Function $GenList(listname) is defined in html.trn that will return an unordered list containing all of the elements from list listname.

Callbacks

The ActiveX, DLL and shared library versions of the converter (requires a developers license) allow the R2Net converter to be called from an application. The API for calling the R2Net converter is documented in ActiveXReadMe.html , DllReadMe.html and libUnixReadMe.html respectively.
One of the most powerful features of this interface is the ability of the R2Net converter to call a function from the developers' application during the translation process. The developers' function can retrieve the current value of any string, (including text that is being translated), modify strings and call any translation functions. This allows a developer to write functions in Visual Basic, or C instead of using translation file code.

Let's say that you wanted to perform a database lookup whenever you encountered an ISBN number in the text of a document. In your documents, you have ISBN's appearing as (ISBN:09912992121) and you
want to add the title of the ISBN which is stored in your database. We need to do the following:
  1. Pattern match each paragraph in your document, looking for ISBN references
  2. On each match, call a routine in your application and pass it the ISBN number
  3. Return a string containing the ISBN number with the title appended to it

Step 1 is done using End of Paragraph Processing, so we will add the following code to our trnflag.trn file:
.Strings EndPar,'$ScanInputPars()' # Set ScanInputPars() to be called for each paragraph. cCBFoundISBN,100 # Define a unique integer to be passed to our callback # routine to identify what kind of callback this is. .Functions Function ScanInputPars RMatch,'\\(ISBN:[0-9]+\\)','','$CallBack(cCBFoundISBN,_0)'

This code sets up ScanInputPars() so that it is called at the end of each paragraph. Then on each paragraph we can do a pattern match (RMatch) looking for our ISBN numbers.
The first parameter to RMatch is the pattern, which will match on a (ISBN:xxxx) where xxx is an
ISBN number made up entirely of digits.
The second parameter for RMatch is unused, and the third parameter is a string to output whenever this pattern occurs.
We use $CallBack() to call a function in our application. The first parameter is an integer
value that tells our routine what kind of callback this is. A callback function must decide what processing is to be done based on the value of this first parameter. In Visual Basic, you would typically code a Select Case statement to handle this.
The second parameter to $Callback() (_0)is the entire matched pattern. so it will contain the parenthesis, the ISBN: and the actual ISBN number. We can pass as many arguments to our callback routine as we want. The function in our application will pick out just the ISBN number out of the string we passed
to it and return "(ISBN:xxxxxxxx) – the title of the book", which we will output directly.

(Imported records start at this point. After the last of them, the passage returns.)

Lemma sqr_row_norm g i : row_norm g i ^+ 2 = \sum_j g i j ^+ 2.
Proof.
by rewrite /row_norm sqr_frob frob_innerE big_ord1; apply: eq_bigr => j _; rewrite mxE.
Qed.

Lemma normalize_rowsK g i j : row i g != 0 ->
  g i j = row_norm g i * normalize_rows g i j.
Proof. by rewrite -frob_eq0 => g0; rewrite mxE mulrC divfK. Qed.

Lemma normalize_rows_in_M g : (forall i, row i g != 0) -> in_M (normalize_rows g).
Proof.
move=> g0 i; rewrite -[row_norm _ i]ger0_norm ?frob_ge0 // -sqrtr_sqr sqr_row_norm.
under eq_bigr => j _ do rewrite mxE expr_div_n.
by rewrite -mulr_suml -sqr_row_norm mulfV ?sqrtr1 // expf_neq0 // frob_eq0.
Qed.

Lemma sum_unit_row_mul_sub a y i : in_M a -> in_M y ->
  \sum_j a i j * (y i j - a i j) = - (\sum_j (y i j - a i j) ^+ 2) / 2.
Proof.
move=> aM yM.
have : \sum_j ((y i j - a i j) ^+ 2 + 2 * (a i j * (y i j - a i j))) =
       \sum_j y i j ^+ 2 - \sum_j a i j ^+ 2.
  by rewrite -sumrB; apply: eq_bigr => j _; ring.
rewrite big_split /= -mulr_sumr -!sqr_row_norm aM yM; lra.
Qed.

Lemma frob_inner_normal_le a y v (lam : 'I_n -> R) :
  in_M a -> in_M y -> (forall i j, v i j = lam i * a i j) ->
  frob_inner v (y - a) <= (\sum_i `|lam i|) / 2 * frob (y - a) ^+ 2.
Proof.
move=> aM yM va; rewrite sqr_frob !frob_innerE mulr_sumr; apply: ler_sum => i _.
have -> : \sum_j v i j * (y - a) i j = lam i * \sum_j a i j * (y i j - a i j).
  by rewrite mulr_sumr; apply: eq_bigr => j _; rewrite va !mxE mulrA.
have -> : \sum_j (y - a) i j * (y - a) i j = \sum_j (y i j - a i j) ^+ 2.
  by apply: eq_bigr => j _; rewrite !mxE expr2.
rewrite sum_unit_row_mul_sub //; set D := \sum_j _.
have D0 : 0 <= D by rewrite sumr_ge0 // => j _; rewrite sqr_ge0.
have lam_le : - lam i <= \sum_k `|lam k|.
  rewrite (le_trans (ler_norm _)) // normrN (bigD1 i) //= lerDl sumr_ge0 //.
nra.
Qed.

End UnitRows.

Section Subdifferentials.
Variables (R : realType) (n r : nat) (F : 'M[R]_(n, r) -> 'M[R]_(n, r) -> \bar R).

Lemma frechet_subdiff_quadratic x1 x2 g1 g2 (L : R) :
  F x1 x2 \is a fin_num -> 0 <= L ->
  (forall y1 y2, (F x1 x2 + (frob_inner g1 (y1 - x1) + frob_inner g2 (y2 - x2)
                  - L * frob2 (y1 - x1) (y2 - x2) ^+ 2)%:E <= F y1 y2)%E) ->
  frechet_subdiff F x1 x2 g1 g2.
Proof.
move=> Ffin L0 Fge; split => // eps eps0.
have L1 : 0 < L + 1 by rewrite ltr_wpDl.
exists (eps / (L + 1)); split => [|y1 y2]; first by rewrite divr_gt0.
set d := frob2 _ _ => dlt; apply: le_trans (Fge y1 y2); apply: leeD2l.
have d0 : 0 <= d := sqrtr_ge0 _.
rewrite lee_fin lerD2l lerN2 expr2 mulrA ler_wpM2r //.
rewrite ltr_pdivlMr // in dlt; rewrite -/d; nra.
Qed.

Lemma limiting_subdiff_frechet x1 x2 g1 g2 :
  frechet_subdiff F x1 x2 g1 g2 -> limiting_subdiff F x1 x2 g1 g2.
Proof.
move=> Fx; split; first by case: Fx.
have cvg_cst (u : R) : seq_cvg (fun=> u) u.
  by move=> e e0; exists 0%N => k _; rewrite subrr normr0.
exists (fun=> x1), (fun=> x2), (fun=> g1), (fun=> g2).
rewrite /frob2 !subrr !frob_inner0l addr0 sqrtr0.
by do !split=> //; exact: cvg_cst.
Qed.

End Subdifferentials.

Lemma G_rho_frechet_subdiff (R : realType) (n r : nat) (C : 'M[R]_n) (rho : R)
    (a b v : 'M[R]_(n, r)) (lam : 'I_n -> R) :
  C^T = C -> 0 <= rho -> in_M a -> (forall i j, v i j = lam i * a i j) ->
  frechet_subdiff (G_rho C rho) a b
    (2 *: (C *m a) + rho *: (a - b) + v) (- (rho *: (a - b))).
Proof.
move=> C_sym rho0 aM va.
apply: (@frechet_subdiff_quadratic _ _ _ _ _ _ _ _ (spec_norm C + (\sum_i `|lam i|) / 2)).
- by rewrite /G_rho asboolT.
- by rewrite addr_ge0 ?spec_norm_ge0 ?divr_ge0 ?sumr_ge0.
move=> y1 y2; rewrite /G_rho asboolT //; case: asboolP => [y1M|_]; last by rewrite leey.
rewrite -EFinD lee_fin !frob_inner_quad // sqr_frob2.
have normal_le := frob_inner_normal_le aM y1M va.
set d1 := y1 - a in normal_le *; set d2 := y2 - b.
have -> : y1 = a + d1 by rewrite addrC subrK.
have -> : a + d1 - y2 = (a - b) + (d1 - d2).
  by apply/matrixP => i j; rewrite /d2 !mxE; ring.
rewrite frob_inner_quadD // [frob (_ + (d1 - d2)) ^+ 2]sqr_frobD.
clearbody d1 d2; move: (a - b) => u.
have quad_ge := frob_inner_mulmx_ge C d1.
have dist_ge0 : 0 <= rho / 2 * frob (d1 - d2) ^+ 2 by rewrite mulr_ge0 ?divr_ge0 ?sqr_ge0.
have d2_ge0 : 0 <= (spec_norm C + (\sum_i `|lam i|) / 2) * frob d2 ^+ 2.
  by rewrite mulr_ge0 ?sqr_ge0 ?addr_ge0 ?spec_norm_ge0 ?divr_ge0 ?sumr_ge0.
rewrite !(frob_innerDl, frob_innerDr, frob_innerNl, frob_innerNr, frob_innerZl, frob_innerZr).
rewrite (frob_innerC (C *m a) d1); lra.
Qed.

Lemma admm_scalar_bound (R : realType) (s rho x z f1 f2 : R) :
  0 <= s -> 0 < rho -> 0 <= x -> 0 <= z -> 0 <= f1 -> 0 <= f2 ->
  f1 <= (s + s ^+ 2 / rho) * x + (s + rho) * z -> f2 <= s * x ->
  Num.sqrt (f1 ^+ 2 + f2 ^+ 2) <=
    (2 * s + rho + s ^+ 2 / rho) * Num.sqrt (x ^+ 2 + z ^+ 2).
Proof.
set t := s ^+ 2 / rho => s0 rho0 x0 z0 f1_0 f2_0 f1_le f2_le.
have t0 : 0 <= t by rewrite divr_ge0 ?sqr_ge0 ?ltW.
have st : s ^+ 2 = rho * t by rewrite /t mulrC divfK ?gt_eqF.
set K := 2 * s + rho + t.
have K0 : 0 <= K by rewrite /K; lra.
rewrite -(ger0_norm K0) -sqrtr_sqr -sqrtrM ?sqr_ge0 // ler_sqrt; last first.
  by rewrite mulr_ge0 ?addr_ge0 ?sqr_ge0.
set A := 2 * s + t; set B := s + rho.
have sum_le : f1 + f2 <= A * x + B * z by rewrite /A /B; lra.
have sqr_sum_le : (f1 + f2) ^+ 2 <= (A * x + B * z) ^+ 2.
  have f_ge0 := addr_ge0 f1_0 f2_0.
  by rewrite ler_pXn2r // nnegrE //; exact: le_trans f_ge0 sum_le.
have cauchy_schwarz : (A * x + B * z) ^+ 2 <= (A ^+ 2 + B ^+ 2) * (x ^+ 2 + z ^+ 2).
  by have := sqr_ge0 (A * z - B * x); nra.
have coef_le : A ^+ 2 + B ^+ 2 <= K ^+ 2.
  by rewrite /A /B /K; nra.
have := ler_wpM2r (addr_ge0 (sqr_ge0 x) (sqr_ge0 z)) coef_le.
nra.
Qed.

Section ADMMSubgradient.
Variables (R : realType) (n r : nat) (C : 'M[R]_n) (rho : R).

Definition admm_subgrad_st (dst ds : 'M[R]_(n, r)) : 'M[R]_(n, r) :=
  C *m dst + C *m ds + rho^-1 *: (C *m (C *m dst)) - rho *: ds.

Definition admm_subgrad_s (dst : 'M[R]_(n, r)) : 'M[R]_(n, r) := - (C *m dst).

Lemma frob2_admm_subgrad_le (dst ds : 'M[R]_(n, r)) : 0 < rho ->
  frob2 (admm_subgrad_st dst ds) (admm_subgrad_s dst) <=
    (2 * spec_norm C + rho + spec_norm C ^+ 2 / rho) * frob2 dst ds.
Proof.
move=> rho0; have C0 := spec_norm_ge0 C.
rewrite !frob2E; apply: admm_scalar_bound; rewrite ?frob_ge0 //; last first.
  by rewrite frobN frob_mulmx_le.
have CC_le : frob (C *m (C *m dst)) <= spec_norm C ^+ 2 * frob dst.
  by rewrite (le_trans (frob_mulmx_le _ _)) // expr2 -mulrA ler_wpM2l ?frob_mulmx_le.
rewrite /admm_subgrad_st.
have := ler_frobD (C *m dst + C *m ds + rho^-1 *: (C *m (C *m dst))) (- (rho *: ds)).
have := ler_frobD (C *m dst + C *m ds) (rho^-1 *: (C *m (C *m dst))).
have := ler_frobD (C *m dst) (C *m ds).
have := frob_mulmx_le C dst; have := frob_mulmx_le C ds.
rewrite frobN !frobZ gtr0_norm ?invr_gt0 // gtr0_norm //.
have : rho^-1 * frob (C *m (C *m dst)) <= spec_norm C ^+ 2 / rho * frob dst.
  by rewrite [rho^-1 * _]mulrC mulrAC ler_pM2r ?invr_gt0.
lra.
Qed.
End ADMMSubgradient.

Section ADMMBMIterates.
Variables (R : realType) (n r : nat) (C : 'M[R]_n) (rho : R).
Variables (st s y : nat -> 'M[R]_(n, r)).
Hypotheses (C_sym : C^T = C) (rho_gt0 : 0 < rho).
Hypotheses (admm : is_admm_bm C rho st s y) (gamma_rows_neq0 : assumption_A C rho s y).

Let rho_neq0 : rho != 0. Proof. by rewrite gt_eqF. Qed.

Lemma admm_bm_dual k : y k = C *m st k.
Proof.
case: admm => _ _ y0 step; case: k => [//|k]; have [_ -> ->] := step k.
by apply/matrixP => i j; rewrite !mxE; field.
Qed.

Lemma admm_bm_primal k :
  s k.+1 = st k.+1 + rho^-1 *: (C *m st k - C *m st k.+1).
Proof. by case: admm => _ _ _ /(_ k) [_ -> _]; rewrite admm_bm_dual. Qed.

Lemma admm_bm_limiting_subdiff k :
  limiting_subdiff (G_rho C rho) (st k.+1) (s k.+1)
    (admm_subgrad_st C rho (st k.+1 - st k) (s k.+1 - s k))
    (admm_subgrad_s C (st k.+1 - st k)).
Proof.
have [_ _ _ /(_ k) [st_next _ _]] := admm.
set gam := admm_gamma C rho (s k) (y k) in st_next.
have gam_neq0 : forall i, row i gam != 0 := gamma_rows_neq0 k.
have g_stE : admm_subgrad_st C rho (st k.+1 - st k) (s k.+1 - s k) =
    2 *: (C *m st k.+1) + rho *: (st k.+1 - s k.+1) + rho *: (gam - st k.+1).
  rewrite /admm_subgrad_st /gam /admm_gamma admm_bm_dual !admm_bm_primal.
  rewrite !(mulmxBr, mulmxDr, =^~ scalemxAr).
  by apply/matrixP => i j; rewrite !mxE; field.
have g_sE : admm_subgrad_s C (st k.+1 - st k) = - (rho *: (st k.+1 - s k.+1)).
  rewrite /admm_subgrad_s admm_bm_primal mulmxBr.
  by apply/matrixP => i j; rewrite !mxE; field.
rewrite g_stE g_sE; clearbody gam; apply/limiting_subdiff_frechet.
apply: (@G_rho_frechet_subdiff _ _ _ _ _ _ _ _ (fun i => rho * (row_norm gam i - 1))) => //.
- exact: ltW.
- by rewrite st_next; apply: normalize_rows_in_M.
move=> i j; rewrite !mxE (normalize_rowsK j (gam_neq0 i)) st_next; ring.
Qed.

End ADMMBMIterates.

Theorem lemma7 (R : realType) (n r : nat) (C : 'M[R]_n) (rho : R)
    (st s y : nat -> 'M[R]_(n, r)) :
  C^T = C -> 0 < rho ->
  is_admm_bm C rho st s y ->
  assumption_A C rho s y ->
  forall k : nat, (1 <= k)%N ->
  exists g1 g2 : 'M[R]_(n, r),
    limiting_subdiff (G_rho C rho) (st k.+1) (s k.+1) g1 g2 /\
    frob2 g1 g2 <=
      (2 * spec_norm C + rho + spec_norm C ^+ 2 / rho)
      * frob2 (st k.+1 - st k) (s k.+1 - s k).
Proof.
(* y^k = C st^k already holds at k = 0. *)
move=> C_sym rho_gt0 admm gamma_rows_neq0 k _.
exists (admm_subgrad_st C rho (st k.+1 - st k) (s k.+1 - s k)),
  (admm_subgrad_s C (st k.+1 - st k)); split.
  exact: admm_bm_limiting_subdiff C_sym rho_gt0 admm gamma_rows_neq0 k.
exact: frob2_admm_subgrad_le.
Qed.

On the application side, we write a single function to handle all callbacks from the converter. (See ActiveXReadMe.html , DllReadMe.html or libUnixReadMe.html for more details on coding the callback.) For our example, we will show a snippet of code from a Visual Basic callback function.
Our VB routine will take the second parameter (stored in args(0)) and pass it to a function that scans the database and returns a title. We then build a string that we want to appear in place of the ISBN reference.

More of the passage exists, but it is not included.